• Instructions for the task: Your task is to repeat the records exactly from the line containing "assert (Hb := Rle_abs" onward, through the final line.
BEGIN Study material
Lemma continuous_RInt_from (f : R -> R) a x :
  ex_RInt_all f -> continuous (fun y => RInt f a y) x.
Proof.
  intros Hf. apply (continuous_RInt_1 f a x).
  apply filter_forall. intros y. apply RInt_correct_R, Hf.
Qed.

Lemma ex_RInt_all_continuous (f : R -> R) :
  (forall x, continuous f x) -> ex_RInt_all f.
Proof.
  intros Hf a b. apply (ex_RInt_continuous (V := R_CompleteNormedModule)).
  intros; apply Hf.
Qed.

Lemma ex_RInt_all_RInt_from (f : R -> R) a :
  ex_RInt_all f -> ex_RInt_all (fun y => RInt f a y).
Proof.
  intros Hf. apply ex_RInt_all_continuous. intros x. apply continuous_RInt_from, Hf.
Qed.

Lemma RInt_window (f : R -> R) a b : ex_RInt_all f ->
  RInt f a b = RInt f 0 b - RInt f 0 a :> R.
Proof. intros Hf. rewrite <- (RInt_Chasles_R f 0 a b) by apply Hf. lra. Qed.

Lemma continuous_shift (f : R -> R) c x :
  continuous f (x - c) -> continuous (fun y => f (y - c)) x.
Proof.
  intros Hf. apply (continuous_comp (fun y => y - c) f); [|exact Hf].
  apply (continuous_minus (fun y => y) (fun _ => c)).
  - apply continuous_id.
  - apply continuous_const.
Qed.

Lemma continuous_RInt_window (f : R -> R) c d x : ex_RInt_all f ->
  continuous (fun y => RInt f (y - c) (y - d)) x.
Proof.
  intros Hf.
  apply (continuous_ext (fun y => RInt f 0 (y - d) - RInt f 0 (y - c))).
  { intros y. symmetry. apply RInt_window, Hf. }
  apply (continuous_minus (fun y => RInt f 0 (y - d)) (fun y => RInt f 0 (y - c)));
    apply (continuous_shift (fun y => RInt f 0 y)), continuous_RInt_from, Hf.
Qed.

Lemma is_derive_RInt_from (f : R -> R) a x : ex_RInt_all f -> continuous f x ->
  is_derive (fun y => RInt f a y) x (f x).
Proof.
  intros Hf Hc. apply (is_derive_RInt f _ a x); [|exact Hc].
  apply filter_forall. intros y. apply RInt_correct_R, Hf.
Qed.

Lemma is_derive_RInt_window (f : R -> R) c d x : (forall y, continuous f y) ->
  is_derive (fun y => RInt f (y - c) (y - d)) x (f (x - d) - f (x - c)).
Proof.
  intros Hf. assert (Hint := ex_RInt_all_continuous f Hf).
  apply (is_derive_ext (fun y => RInt f 0 (y - d) - RInt f 0 (y - c))).
  { intros y. symmetry. apply RInt_window, Hint. }
  auto_derive.
  - repeat split; try apply Hint;
      apply filter_forall; intros y; apply continuity_pt_filterlim, Hf.
  - unfold Rminus. ring.
Qed.

(** * Uniform B-splines *)

Lemma ex_RInt_all_chi01 : ex_RInt_all chi01.
Proof.
  intros a b. set (K := Rabs a + Rabs b + 1).
  assert (Ha := Rle_abs a). assert (Ha' := Rle_abs (- a)).
  assert (Hb := Rle_abs b). assert (Hb' := Rle_abs (- b)).
  rewrite Rabs_Ropp in Ha', Hb'.
  apply (ex_RInt_inside chi01 a b 0 K);
    [| rewrite Rminus_0_r; apply Rabs_le; unfold K; lra ..].
  replace (0 - K) with (- K) by ring. rewrite Rplus_0_l.
  unfold chi01. apply (ex_RInt_Chasles _ (- K) 0 K);
    [|apply (ex_RInt_Chasles _ 0 1 K)];
    [apply (ex_RInt_eq_const _ _ _ 0) | apply (ex_RInt_eq_const _ _ _ 1)
    | apply (ex_RInt_eq_const _ _ _ 0)];
    try (unfold K; lra); intros x Hx;
    destruct (Rle_dec 0 x); try lra; destruct (Rle_dec x 1); lra.
Qed.

Lemma Bspline_S m t : Bspline (S m) t = RInt (Bspline m) (t - 1) t.
Proof. reflexivity. Qed.

Lemma ex_RInt_all_Bspline m : ex_RInt_all (Bspline m).
Proof.
  induction m as [|m IH]; [exact ex_RInt_all_chi01|].
  apply ex_RInt_all_continuous. intros x.
  apply (continuous_ext (fun y => RInt (Bspline m) (y - 1) (y - 0))).
  - intros y. now rewrite Rminus_0_r.
  - apply continuous_RInt_window, IH.
Qed.

Lemma Bspline_eq_0_neg m y : y < 0 -> Bspline m y = 0.
Proof.
  revert y. induction m as [|m IH]; intros y Hy.
  - simpl. unfold chi01. destruct (Rle_dec 0 y); lra.
  - rewrite Bspline_S. apply RInt_eq_0; [lra|]. intros x Hx. apply IH. lra.
Qed.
END Study material
• Exercise answer:
  assert (Hb := Rle_abs b). assert (Hb' := Rle_abs (- b)).
  rewrite Rabs_Ropp in Ha', Hb'.
  apply (ex_RInt_inside chi01 a b 0 K);
    [| rewrite Rminus_0_r; apply Rabs_le; unfold K; lra ..].
  replace (0 - K) with (- K) by ring. rewrite Rplus_0_l.
  unfold chi01. apply (ex_RInt_Chasles _ (- K) 0 K);
    [|apply (ex_RInt_Chasles _ 0 1 K)];
    [apply (ex_RInt_eq_const _ _ _ 0) | apply (ex_RInt_eq_const _ _ _ 1)
    | apply (ex_RInt_eq_const _ _ _ 0)];
    try (unfold K; lra); intros x Hx;
    destruct (Rle_dec 0 x); try lra; destruct (Rle_dec x 1); lra.
Qed.

Lemma Bspline_S m t : Bspline (S m) t = RInt (Bspline m) (t - 1) t.
Proof. reflexivity. Qed.

Lemma ex_RInt_all_Bspline m : ex_RInt_all (Bspline m).
Proof.
  induction m as [|m IH]; [exact ex_RInt_all_chi01|].
  apply ex_RInt_all_continuous. intros x.
  apply (continuous_ext (fun y => RInt (Bspline m) (y - 1) (y - 0))).
  - intros y. now rewrite Rminus_0_r.
  - apply continuous_RInt_window, IH.
Qed.

Lemma Bspline_eq_0_neg m y : y < 0 -> Bspline m y = 0.
Proof.
  revert y. induction m as [|m IH]; intros y Hy.
  - simpl. unfold chi01. destruct (Rle_dec 0 y); lra.
  - rewrite Bspline_S. apply RInt_eq_0; [lra|]. intros x Hx. apply IH. lra.
Qed.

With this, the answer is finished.